(* Let $P\subseteq[0,1]^d$ be a $0/1$-polytope and let $\varepsilon\in(0,1)$, $M>0$ be such that every polyhedron $K\subseteq\mathbb{R}^d$ with $P^\uparrow\subseteq K\subseteq(1-\varepsilon)P^\uparrow$ satisfies $\operatorname{xc}(K)\geq M$. Then $P^\uparrow\cap[0,1]^d$ does not admit an $\frac{\varepsilon}{d}$-LEF of size less than $M-3d$.
   Context: $P^\uparrow:=P+\mathbb{R}^d_{\geq0}$. $\operatorname{xc}(K)$ is the minimum number of facets of a polyhedron $Q$ of which $K$ is an affine image. Relative distance: for convex $A\subseteq B\subseteq\mathbb{R}^d$, $\operatorname{rdist}(A,B)=\sup_{\pi}\frac{\sup_{b\in B}\inf_{a\in A}|\pi(b)-\pi(a)|}{\sup_{a,a'\in A}|\pi(a)-\pi(a')|}$ over linear $\pi:\mathbb{R}^d\to\mathbb{R}$ (denominator $\infty$ and $0/0$ read as $0$). An $\varepsilon$-LEF of a convex set $C\subseteq\mathbb{R}^d$ is a pair $(Q,\pi)$, $Q\subseteq\mathbb{R}^\ell$ a polyhedron, $\pi:\mathbb{R}^\ell\to\mathbb{R}^d$ affine, with $C\subseteq\pi(Q)$ and $\operatorname{rdist}(C,\pi(Q))\leq\varepsilon$; its size is the number of facets of $Q$. *)

From HB Require Import structures.
From mathcomp Require Import all_boot all_order all_algebra.
From mathcomp Require Import boolp classical_sets reals constructive_ereal ereal.
Set Implicit Arguments. Unset Strict Implicit. Unset Printing Implicit Defensive.
Import Order.TTheory GRing.Theory Num.Theory.
Local Open Scope classical_set_scope.
Local Open Scope ring_scope.
Lemma tuple_lt_S M n t B :
  tuple_lt M (S n) t B -> tuple_lt M n t B /\ lt M (t n) B.
Proof. intros H; split; [intros m Hm; apply H; lia | apply H; lia]. Qed.

Lemma sat_fexs M n g : forall rho sg,
  sat M rho sg (fexs n g) <-> exists t, sat M (prepend n t rho) sg g.
Proof.
  induction n; intros rho sg; simpl.
  - setoid_rewrite prepend_0. firstorder.
  - split.
    + intros [x H]; apply IHn in H as [t H].
      exists (snoc n t x); rewrite <- prepend_scons; auto.
    + intros [t H]; exists (t n); apply IHn; exists t; rewrite <- prepend_S; auto.
Qed.

Lemma sat_falls M n g : forall rho sg,
  sat M rho sg (falls n g) <-> forall t, sat M (prepend n t rho) sg g.
Proof.
  induction n; intros rho sg; simpl.
  - setoid_rewrite prepend_0. firstorder.
  - split.
    + intros H t; rewrite prepend_S; apply (IHn (scons (t n) rho)); auto.
    + intros H x; apply IHn; intros t; rewrite prepend_scons; auto.
Qed.

Lemma sat_fbexs M n g : forall B rho sg,
  sat M rho sg (fbexs n B g) <->
  exists t, tuple_lt M n t (rho B) /\ sat M (prepend n t rho) sg g.
Proof.
  induction n; intros B rho sg; simpl.
  - setoid_rewrite prepend_0.
    split; [intros H; exists rho; split; auto; intros m Hm; lia | firstorder].
  - split.
    + intros [x [Hx H]]; apply IHn in H as [t [Ht H]]; simpl in Ht.
      exists (snoc n t x); split; [apply tuple_lt_snoc; auto|].
      rewrite <- prepend_scons; auto.
    + intros [t [Ht H]]; apply tuple_lt_S in Ht as [Ht Hn]. exists (t n); split; auto.
      apply IHn; exists t; split; [simpl; auto|]. rewrite <- prepend_S; auto.
Qed.

Lemma sat_fballs M n g : forall B rho sg,
  sat M rho sg (fballs n B g) <->
  forall t, tuple_lt M n t (rho B) -> sat M (prepend n t rho) sg g.
Proof.
  induction n; intros B rho sg; simpl.
  - setoid_rewrite prepend_0.
    split; [auto | intros H; apply (H rho); intros m Hm; lia].
  - split.
    + intros H t Ht; apply tuple_lt_S in Ht as [Ht Hn]. rewrite prepend_S.
      specialize (H (t n) Hn). rewrite IHn in H. apply H. simpl; auto.
    + intros H x Hx; rewrite IHn; intros t Ht; simpl in Ht. rewrite prepend_scons.
      apply H, tuple_lt_snoc; auto.
Qed.

Lemma bounded_fbexs n B g : bounded g -> bounded (fbexs n B g).
Proof. revert B; induction n; intros B H; simpl; auto; constructor; auto. Qed.

Lemma bounded_fballs n B g : bounded g -> bounded (fballs n B g).
Proof. revert B; induction n; intros B H; simpl; auto; constructor; auto. Qed.

Lemma Sigma1_normal_form f : Sigma 1 f -> exists r th, bounded th /\ f = fexs r th.
Proof.
  intros H; remember 1 as k; induction H; try discriminate.
  - destruct IHSigma as [r [th [Hb ->]]]; auto. exists (S r), th; auto.
  - injection Heqk as ->. inversion H; subst. exists 0, f; auto.
Qed.

Lemma Pi2_normal_form f : Pi 2 f -> exists q r th, bounded th /\ f = falls q (fexs r th).
Proof.
  intros H; remember 2 as k; induction H; try discriminate.
  - destruct IHPi as [q [r [th [Hb ->]]]]; auto. exists (S q), r, th; auto.
  - injection Heqk as ->. apply Sigma1_normal_form in H as [r [th [Hb ->]]].
    exists 0, r, th; auto.
Qed.

Lemma Sigma3_normal_form f :
  Sigma 3 f -> exists p q r th, bounded th /\ f = fexs p (falls q (fexs r th)).
Proof.
  intros H; remember 3 as k; induction H; try discriminate.
  - destruct IHSigma as [p [q [r [th [Hb ->]]]]]; auto. exists (S p), q, r, th; auto.
  - injection Heqk as ->. apply Pi2_normal_form in H as [q [r [th [Hb ->]]]].
    exists 0, q, r, th; auto.
Qed.

(** * Arithmetic in models of RCA_0 *)

Definition le (M : L2model) (x y : num M) : Prop := lt M x y \/ x = y.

****************************************

**INSTRUCTIONS TO FOLLOW:** Retype the listing above word for word.

**RESPONSE AREA:**
(* Let $P\subseteq[0,1]^d$ be a $0/1$-polytope and let $\varepsilon\in(0,1)$, $M>0$ be such that every polyhedron $K\subseteq\mathbb{R}^d$ with $P^\uparrow\subseteq K\subseteq(1-\varepsilon)P^\uparrow$ satisfies $\operatorname{xc}(K)\geq M$. Then $P^\uparrow\cap[0,1]^d$ does not admit an $\frac{\varepsilon}{d}$-LEF of size less than $M-3d$.
   Context: $P^\uparrow:=P+\mathbb{R}^d_{\geq0}$. $\operatorname{xc}(K)$ is the minimum number of facets of a polyhedron $Q$ of which $K$ is an affine image. Relative distance: for convex $A\subseteq B\subseteq\mathbb{R}^d$, $\operatorname{rdist}(A,B)=\sup_{\pi}\frac{\sup_{b\in B}\inf_{a\in A}|\pi(b)-\pi(a)|}{\sup_{a,a'\in A}|\pi(a)-\pi(a')|}$ over linear $\pi:\mathbb{R}^d\to\mathbb{R}$ (denominator $\infty$ and $0/0$ read as $0$). An $\varepsilon$-LEF of a convex set $C\subseteq\mathbb{R}^d$ is a pair $(Q,\pi)$, $Q\subseteq\mathbb{R}^\ell$ a polyhedron, $\pi:\mathbb{R}^\ell\to\mathbb{R}^d$ affine, with $C\subseteq\pi(Q)$ and $\operatorname{rdist}(C,\pi(Q))\leq\varepsilon$; its size is the number of facets of $Q$. *)

From HB Require Import structures.
From mathcomp Require Import all_boot all_order all_algebra.
From mathcomp Require Import boolp classical_sets reals constructive_ereal ereal.
Set Implicit Arguments. Unset Strict Implicit. Unset Printing Implicit Defensive.
Import Order.TTheory GRing.Theory Num.Theory.
Local Open Scope classical_set_scope.
Local Open Scope ring_scope.
Lemma tuple_lt_S M n t B :
  tuple_lt M (S n) t B -> tuple_lt M n t B /\ lt M (t n) B.
Proof. intros H; split; [intros m Hm; apply H; lia | apply H; lia]. Qed.

Lemma sat_fexs M n g : forall rho sg,
  sat M rho sg (fexs n g) <-> exists t, sat M (prepend n t rho) sg g.
Proof.
  induction n; intros rho sg; simpl.
  - setoid_rewrite prepend_0. firstorder.
  - split.
    + intros [x H]; apply IHn in H as [t H].
      exists (snoc n t x); rewrite <- prepend_scons; auto.
    + intros [t H]; exists (t n); apply IHn; exists t; rewrite <- prepend_S; auto.
Qed.

Lemma sat_falls M n g : forall rho sg,
  sat M rho sg (falls n g) <-> forall t, sat M (prepend n t rho) sg g.
Proof.
  induction n; intros rho sg; simpl.
  - setoid_rewrite prepend_0. firstorder.
  - split.
    + intros H t; rewrite prepend_S; apply (IHn (scons (t n) rho)); auto.
    + intros H x; apply IHn; intros t; rewrite prepend_scons; auto.
Qed.

Lemma sat_fbexs M n g : forall B rho sg,
  sat M rho sg (fbexs n B g) <->
  exists t, tuple_lt M n t (rho B) /\ sat M (prepend n t rho) sg g.
Proof.
  induction n; intros B rho sg; simpl.
  - setoid_rewrite prepend_0.
    split; [intros H; exists rho; split; auto; intros m Hm; lia | firstorder].
  - split.
    + intros [x [Hx H]]; apply IHn in H as [t [Ht H]]; simpl in Ht.
      exists (snoc n t x); split; [apply tuple_lt_snoc; auto|].
      rewrite <- prepend_scons; auto.
    + intros [t [Ht H]]; apply tuple_lt_S in Ht as [Ht Hn]. exists (t n); split; auto.
      apply IHn; exists t; split; [simpl; auto|]. rewrite <- prepend_S; auto.
Qed.

Lemma sat_fballs M n g : forall B rho sg,
  sat M rho sg (fballs n B g) <->
  forall t, tuple_lt M n t (rho B) -> sat M (prepend n t rho) sg g.
Proof.
  induction n; intros B rho sg; simpl.
  - setoid_rewrite prepend_0.
    split; [auto | intros H; apply (H rho); intros m Hm; lia].
  - split.
    + intros H t Ht; apply tuple_lt_S in Ht as [Ht Hn]. rewrite prepend_S.
      specialize (H (t n) Hn). rewrite IHn in H. apply H. simpl; auto.
    + intros H x Hx; rewrite IHn; intros t Ht; simpl in Ht. rewrite prepend_scons.
      apply H, tuple_lt_snoc; auto.
Qed.

Lemma bounded_fbexs n B g : bounded g -> bounded (fbexs n B g).
Proof. revert B; induction n; intros B H; simpl; auto; constructor; auto. Qed.

Lemma bounded_fballs n B g : bounded g -> bounded (fballs n B g).
Proof. revert B; induction n; intros B H; simpl; auto; constructor; auto. Qed.

Lemma Sigma1_normal_form f : Sigma 1 f -> exists r th, bounded th /\ f = fexs r th.
Proof.
  intros H; remember 1 as k; induction H; try discriminate.
  - destruct IHSigma as [r [th [Hb ->]]]; auto. exists (S r), th; auto.
  - injection Heqk as ->. inversion H; subst. exists 0, f; auto.
Qed.

Lemma Pi2_normal_form f : Pi 2 f -> exists q r th, bounded th /\ f = falls q (fexs r th).
Proof.
  intros H; remember 2 as k; induction H; try discriminate.
  - destruct IHPi as [q [r [th [Hb ->]]]]; auto. exists (S q), r, th; auto.
  - injection Heqk as ->. apply Sigma1_normal_form in H as [r [th [Hb ->]]].
    exists 0, r, th; auto.
Qed.

Lemma Sigma3_normal_form f :
  Sigma 3 f -> exists p q r th, bounded th /\ f = fexs p (falls q (fexs r th)).
Proof.
  intros H; remember 3 as k; induction H; try discriminate.
  - destruct IHSigma as [p [q [r [th [Hb ->]]]]]; auto. exists (S p), q, r, th; auto.
  - injection Heqk as ->. apply Pi2_normal_form in H as [q [r [th [Hb ->]]]].
    exists 0, q, r, th; auto.
Qed.

(** * Arithmetic in models of RCA_0 *)

Definition le (M : L2model) (x y : num M) : Prop := lt M x y \/ x = y.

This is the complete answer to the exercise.